> **Goal of the exercise**
Set down the lines of the data exactly, starting at the first and stopping after the line containing "when n is congruent to 1 modulo 3. *)".

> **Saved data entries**
○ ○ ○ ○

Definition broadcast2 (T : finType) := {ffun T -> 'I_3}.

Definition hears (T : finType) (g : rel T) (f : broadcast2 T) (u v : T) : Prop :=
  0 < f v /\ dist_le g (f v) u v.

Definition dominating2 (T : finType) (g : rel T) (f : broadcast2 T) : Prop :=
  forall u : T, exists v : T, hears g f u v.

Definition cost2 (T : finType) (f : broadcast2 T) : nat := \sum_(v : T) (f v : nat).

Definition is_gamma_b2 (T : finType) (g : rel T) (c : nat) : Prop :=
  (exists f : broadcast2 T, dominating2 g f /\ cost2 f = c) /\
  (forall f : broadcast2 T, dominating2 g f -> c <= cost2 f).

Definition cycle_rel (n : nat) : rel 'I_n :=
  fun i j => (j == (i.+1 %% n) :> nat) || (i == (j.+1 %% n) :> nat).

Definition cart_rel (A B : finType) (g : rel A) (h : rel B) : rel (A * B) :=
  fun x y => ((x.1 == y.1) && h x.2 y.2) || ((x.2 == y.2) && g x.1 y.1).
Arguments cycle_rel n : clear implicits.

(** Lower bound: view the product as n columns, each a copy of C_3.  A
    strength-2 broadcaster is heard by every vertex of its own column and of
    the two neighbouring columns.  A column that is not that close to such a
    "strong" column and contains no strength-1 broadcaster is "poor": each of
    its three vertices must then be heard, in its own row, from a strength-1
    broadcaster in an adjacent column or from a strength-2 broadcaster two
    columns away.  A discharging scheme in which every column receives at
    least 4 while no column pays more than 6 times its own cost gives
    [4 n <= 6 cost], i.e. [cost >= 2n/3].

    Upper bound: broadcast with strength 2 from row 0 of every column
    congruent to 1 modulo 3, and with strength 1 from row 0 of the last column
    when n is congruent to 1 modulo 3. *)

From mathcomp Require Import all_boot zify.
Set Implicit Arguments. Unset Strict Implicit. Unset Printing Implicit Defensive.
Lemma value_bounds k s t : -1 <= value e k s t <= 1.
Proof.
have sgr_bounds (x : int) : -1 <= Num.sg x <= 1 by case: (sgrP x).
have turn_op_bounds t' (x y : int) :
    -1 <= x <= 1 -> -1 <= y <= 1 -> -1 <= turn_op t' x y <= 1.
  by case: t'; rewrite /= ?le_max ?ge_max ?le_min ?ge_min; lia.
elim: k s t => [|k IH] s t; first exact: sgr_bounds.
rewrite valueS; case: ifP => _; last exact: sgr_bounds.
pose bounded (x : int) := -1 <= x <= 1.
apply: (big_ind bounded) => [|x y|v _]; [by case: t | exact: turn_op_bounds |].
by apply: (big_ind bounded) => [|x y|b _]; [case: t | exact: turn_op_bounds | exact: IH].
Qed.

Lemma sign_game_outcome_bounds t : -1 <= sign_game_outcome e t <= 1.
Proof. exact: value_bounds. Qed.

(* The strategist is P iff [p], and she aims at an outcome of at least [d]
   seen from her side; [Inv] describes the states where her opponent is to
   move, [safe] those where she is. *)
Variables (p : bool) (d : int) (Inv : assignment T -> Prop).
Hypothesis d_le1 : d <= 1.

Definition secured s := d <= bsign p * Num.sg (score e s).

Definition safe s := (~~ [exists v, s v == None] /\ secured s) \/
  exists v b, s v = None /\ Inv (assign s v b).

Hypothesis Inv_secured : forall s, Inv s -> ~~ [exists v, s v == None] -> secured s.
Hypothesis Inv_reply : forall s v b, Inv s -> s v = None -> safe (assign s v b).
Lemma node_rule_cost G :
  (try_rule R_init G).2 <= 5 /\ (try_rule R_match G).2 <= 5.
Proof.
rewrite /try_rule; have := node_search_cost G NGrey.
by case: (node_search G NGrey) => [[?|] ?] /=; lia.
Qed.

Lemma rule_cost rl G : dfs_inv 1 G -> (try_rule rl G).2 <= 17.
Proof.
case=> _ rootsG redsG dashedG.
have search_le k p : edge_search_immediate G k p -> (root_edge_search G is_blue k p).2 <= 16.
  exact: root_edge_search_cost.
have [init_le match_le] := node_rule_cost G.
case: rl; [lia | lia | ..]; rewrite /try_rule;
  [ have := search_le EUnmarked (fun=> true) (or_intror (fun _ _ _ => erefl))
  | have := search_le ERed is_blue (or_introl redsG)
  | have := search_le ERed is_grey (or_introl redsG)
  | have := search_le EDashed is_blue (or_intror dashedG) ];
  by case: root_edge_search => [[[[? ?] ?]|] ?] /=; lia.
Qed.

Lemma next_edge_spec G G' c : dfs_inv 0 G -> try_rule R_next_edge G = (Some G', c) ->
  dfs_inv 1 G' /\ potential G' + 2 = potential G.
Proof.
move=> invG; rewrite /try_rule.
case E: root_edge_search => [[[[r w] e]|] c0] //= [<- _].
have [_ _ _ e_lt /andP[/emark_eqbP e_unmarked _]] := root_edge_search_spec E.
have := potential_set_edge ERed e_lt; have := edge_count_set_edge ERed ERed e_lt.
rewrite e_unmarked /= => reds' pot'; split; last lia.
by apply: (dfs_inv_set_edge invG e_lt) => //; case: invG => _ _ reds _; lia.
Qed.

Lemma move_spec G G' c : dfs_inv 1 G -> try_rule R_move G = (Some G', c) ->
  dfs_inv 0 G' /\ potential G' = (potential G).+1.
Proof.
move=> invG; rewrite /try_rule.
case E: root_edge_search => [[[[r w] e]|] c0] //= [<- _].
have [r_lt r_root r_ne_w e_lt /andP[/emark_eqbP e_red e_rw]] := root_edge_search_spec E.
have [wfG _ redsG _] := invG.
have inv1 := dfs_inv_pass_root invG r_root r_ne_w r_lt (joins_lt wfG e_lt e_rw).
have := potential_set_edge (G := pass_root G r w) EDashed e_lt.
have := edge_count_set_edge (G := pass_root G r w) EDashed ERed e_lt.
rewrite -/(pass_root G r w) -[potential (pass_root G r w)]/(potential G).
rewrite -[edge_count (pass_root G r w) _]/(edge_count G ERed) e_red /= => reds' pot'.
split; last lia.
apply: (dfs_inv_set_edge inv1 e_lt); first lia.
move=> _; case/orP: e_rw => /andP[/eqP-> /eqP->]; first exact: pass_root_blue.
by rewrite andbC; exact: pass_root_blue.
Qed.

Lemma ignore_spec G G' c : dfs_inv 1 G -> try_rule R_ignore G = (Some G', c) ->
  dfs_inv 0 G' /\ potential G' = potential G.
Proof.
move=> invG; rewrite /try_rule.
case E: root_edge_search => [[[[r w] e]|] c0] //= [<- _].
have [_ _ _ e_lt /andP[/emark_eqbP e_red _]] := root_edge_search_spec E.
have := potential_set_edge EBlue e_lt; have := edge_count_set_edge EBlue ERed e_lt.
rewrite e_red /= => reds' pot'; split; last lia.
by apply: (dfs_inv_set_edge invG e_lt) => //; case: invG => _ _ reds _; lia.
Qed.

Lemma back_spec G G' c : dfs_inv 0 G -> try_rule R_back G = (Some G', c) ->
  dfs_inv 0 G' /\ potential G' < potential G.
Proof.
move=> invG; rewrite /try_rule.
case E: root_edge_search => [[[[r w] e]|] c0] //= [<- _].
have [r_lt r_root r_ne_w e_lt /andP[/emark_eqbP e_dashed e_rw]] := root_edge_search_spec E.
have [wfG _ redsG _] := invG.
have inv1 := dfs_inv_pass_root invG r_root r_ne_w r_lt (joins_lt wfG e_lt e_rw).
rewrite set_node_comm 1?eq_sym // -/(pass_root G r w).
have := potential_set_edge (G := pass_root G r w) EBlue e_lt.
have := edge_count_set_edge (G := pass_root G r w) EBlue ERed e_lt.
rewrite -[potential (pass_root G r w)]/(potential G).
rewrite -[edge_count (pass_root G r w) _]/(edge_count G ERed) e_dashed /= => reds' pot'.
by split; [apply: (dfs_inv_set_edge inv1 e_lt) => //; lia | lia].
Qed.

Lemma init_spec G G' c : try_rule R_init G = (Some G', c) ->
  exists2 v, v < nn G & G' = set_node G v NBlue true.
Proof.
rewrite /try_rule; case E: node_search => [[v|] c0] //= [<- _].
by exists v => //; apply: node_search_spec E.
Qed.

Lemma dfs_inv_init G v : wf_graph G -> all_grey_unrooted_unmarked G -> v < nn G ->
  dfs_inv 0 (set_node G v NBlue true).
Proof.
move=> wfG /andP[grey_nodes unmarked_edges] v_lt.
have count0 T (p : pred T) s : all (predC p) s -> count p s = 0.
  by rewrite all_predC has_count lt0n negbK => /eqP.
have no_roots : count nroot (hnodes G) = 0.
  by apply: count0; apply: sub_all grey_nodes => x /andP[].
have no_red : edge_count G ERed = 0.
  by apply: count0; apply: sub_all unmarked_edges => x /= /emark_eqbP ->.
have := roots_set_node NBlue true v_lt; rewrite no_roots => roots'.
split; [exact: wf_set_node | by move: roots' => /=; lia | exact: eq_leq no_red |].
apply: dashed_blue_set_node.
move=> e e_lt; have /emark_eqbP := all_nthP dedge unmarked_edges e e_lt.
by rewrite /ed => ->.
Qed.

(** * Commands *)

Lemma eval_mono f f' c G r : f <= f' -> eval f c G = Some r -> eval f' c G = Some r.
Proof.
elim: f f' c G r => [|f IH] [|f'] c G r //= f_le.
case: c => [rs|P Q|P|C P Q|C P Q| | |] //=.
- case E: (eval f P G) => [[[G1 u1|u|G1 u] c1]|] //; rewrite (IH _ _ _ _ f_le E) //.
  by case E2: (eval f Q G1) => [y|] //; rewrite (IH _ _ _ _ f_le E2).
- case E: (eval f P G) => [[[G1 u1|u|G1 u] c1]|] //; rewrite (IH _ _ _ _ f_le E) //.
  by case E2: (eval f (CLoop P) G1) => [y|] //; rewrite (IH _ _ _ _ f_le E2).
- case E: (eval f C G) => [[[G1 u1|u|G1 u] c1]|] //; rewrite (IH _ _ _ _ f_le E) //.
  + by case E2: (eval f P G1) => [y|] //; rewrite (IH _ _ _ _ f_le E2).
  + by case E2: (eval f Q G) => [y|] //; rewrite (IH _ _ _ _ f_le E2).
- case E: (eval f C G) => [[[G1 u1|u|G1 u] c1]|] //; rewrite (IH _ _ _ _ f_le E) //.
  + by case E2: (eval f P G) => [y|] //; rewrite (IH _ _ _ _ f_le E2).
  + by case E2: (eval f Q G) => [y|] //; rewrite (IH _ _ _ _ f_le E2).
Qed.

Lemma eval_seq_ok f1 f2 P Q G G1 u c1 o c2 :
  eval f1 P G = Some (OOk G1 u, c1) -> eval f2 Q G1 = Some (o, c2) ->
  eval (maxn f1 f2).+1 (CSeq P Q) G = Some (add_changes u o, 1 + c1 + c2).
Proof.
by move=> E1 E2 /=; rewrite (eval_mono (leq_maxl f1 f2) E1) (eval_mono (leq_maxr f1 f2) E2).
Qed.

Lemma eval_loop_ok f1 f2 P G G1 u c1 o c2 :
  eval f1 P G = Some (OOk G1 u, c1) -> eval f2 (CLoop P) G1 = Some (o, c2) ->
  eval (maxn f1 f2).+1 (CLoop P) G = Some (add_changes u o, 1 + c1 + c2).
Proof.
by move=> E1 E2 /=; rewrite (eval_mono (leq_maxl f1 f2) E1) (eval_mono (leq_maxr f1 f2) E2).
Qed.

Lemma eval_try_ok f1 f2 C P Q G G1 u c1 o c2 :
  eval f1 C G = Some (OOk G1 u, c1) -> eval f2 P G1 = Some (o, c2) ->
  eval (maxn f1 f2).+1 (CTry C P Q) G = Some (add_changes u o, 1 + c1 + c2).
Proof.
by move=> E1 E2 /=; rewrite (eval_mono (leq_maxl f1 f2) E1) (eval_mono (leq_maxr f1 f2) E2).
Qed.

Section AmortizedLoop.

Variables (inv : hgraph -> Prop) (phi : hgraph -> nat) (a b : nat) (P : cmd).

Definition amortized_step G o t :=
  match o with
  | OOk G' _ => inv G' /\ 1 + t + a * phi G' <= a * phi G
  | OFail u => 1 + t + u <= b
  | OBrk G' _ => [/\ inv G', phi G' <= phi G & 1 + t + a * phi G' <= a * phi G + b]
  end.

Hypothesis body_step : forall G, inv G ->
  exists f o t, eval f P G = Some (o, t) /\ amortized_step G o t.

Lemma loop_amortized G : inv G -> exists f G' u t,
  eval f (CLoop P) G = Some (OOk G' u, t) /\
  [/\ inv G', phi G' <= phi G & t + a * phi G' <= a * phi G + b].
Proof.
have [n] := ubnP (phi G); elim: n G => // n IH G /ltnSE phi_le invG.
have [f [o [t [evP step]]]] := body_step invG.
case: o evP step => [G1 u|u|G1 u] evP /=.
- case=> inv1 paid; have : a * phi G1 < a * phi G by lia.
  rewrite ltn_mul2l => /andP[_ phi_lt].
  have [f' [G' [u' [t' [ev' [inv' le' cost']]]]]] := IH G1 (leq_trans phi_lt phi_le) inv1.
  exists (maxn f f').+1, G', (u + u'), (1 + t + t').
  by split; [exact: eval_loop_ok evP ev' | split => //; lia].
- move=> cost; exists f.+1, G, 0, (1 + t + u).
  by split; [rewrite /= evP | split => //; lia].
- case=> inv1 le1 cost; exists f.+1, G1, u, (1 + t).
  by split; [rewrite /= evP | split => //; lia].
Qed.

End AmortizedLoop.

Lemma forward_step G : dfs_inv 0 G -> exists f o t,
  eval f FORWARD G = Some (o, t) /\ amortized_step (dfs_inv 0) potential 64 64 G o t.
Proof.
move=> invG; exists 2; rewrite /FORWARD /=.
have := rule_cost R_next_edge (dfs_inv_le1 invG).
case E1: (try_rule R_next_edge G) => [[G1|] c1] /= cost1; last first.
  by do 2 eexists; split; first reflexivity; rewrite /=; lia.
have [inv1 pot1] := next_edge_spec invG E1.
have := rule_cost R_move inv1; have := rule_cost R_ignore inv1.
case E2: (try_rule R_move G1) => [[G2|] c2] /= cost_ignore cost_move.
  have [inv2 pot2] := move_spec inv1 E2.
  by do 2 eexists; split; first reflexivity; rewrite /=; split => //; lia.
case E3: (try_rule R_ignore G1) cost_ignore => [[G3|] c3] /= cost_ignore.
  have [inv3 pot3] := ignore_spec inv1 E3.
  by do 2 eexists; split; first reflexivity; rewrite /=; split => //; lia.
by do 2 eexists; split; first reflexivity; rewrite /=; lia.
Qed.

○ ○ ○ ○

> **Answer for the task**
Definition broadcast2 (T : finType) := {ffun T -> 'I_3}.

Definition hears (T : finType) (g : rel T) (f : broadcast2 T) (u v : T) : Prop :=
  0 < f v /\ dist_le g (f v) u v.

Definition dominating2 (T : finType) (g : rel T) (f : broadcast2 T) : Prop :=
  forall u : T, exists v : T, hears g f u v.

Definition cost2 (T : finType) (f : broadcast2 T) : nat := \sum_(v : T) (f v : nat).

Definition is_gamma_b2 (T : finType) (g : rel T) (c : nat) : Prop :=
  (exists f : broadcast2 T, dominating2 g f /\ cost2 f = c) /\
  (forall f : broadcast2 T, dominating2 g f -> c <= cost2 f).

Definition cycle_rel (n : nat) : rel 'I_n :=
  fun i j => (j == (i.+1 %% n) :> nat) || (i == (j.+1 %% n) :> nat).

Definition cart_rel (A B : finType) (g : rel A) (h : rel B) : rel (A * B) :=
  fun x y => ((x.1 == y.1) && h x.2 y.2) || ((x.2 == y.2) && g x.1 y.1).
Arguments cycle_rel n : clear implicits.

(** Lower bound: view the product as n columns, each a copy of C_3.  A
    strength-2 broadcaster is heard by every vertex of its own column and of
    the two neighbouring columns.  A column that is not that close to such a
    "strong" column and contains no strength-1 broadcaster is "poor": each of
    its three vertices must then be heard, in its own row, from a strength-1
    broadcaster in an adjacent column or from a strength-2 broadcaster two
    columns away.  A discharging scheme in which every column receives at
    least 4 while no column pays more than 6 times its own cost gives
    [4 n <= 6 cost], i.e. [cost >= 2n/3].

    Upper bound: broadcast with strength 2 from row 0 of every column
    congruent to 1 modulo 3, and with strength 1 from row 0 of the last column
    when n is congruent to 1 modulo 3. *)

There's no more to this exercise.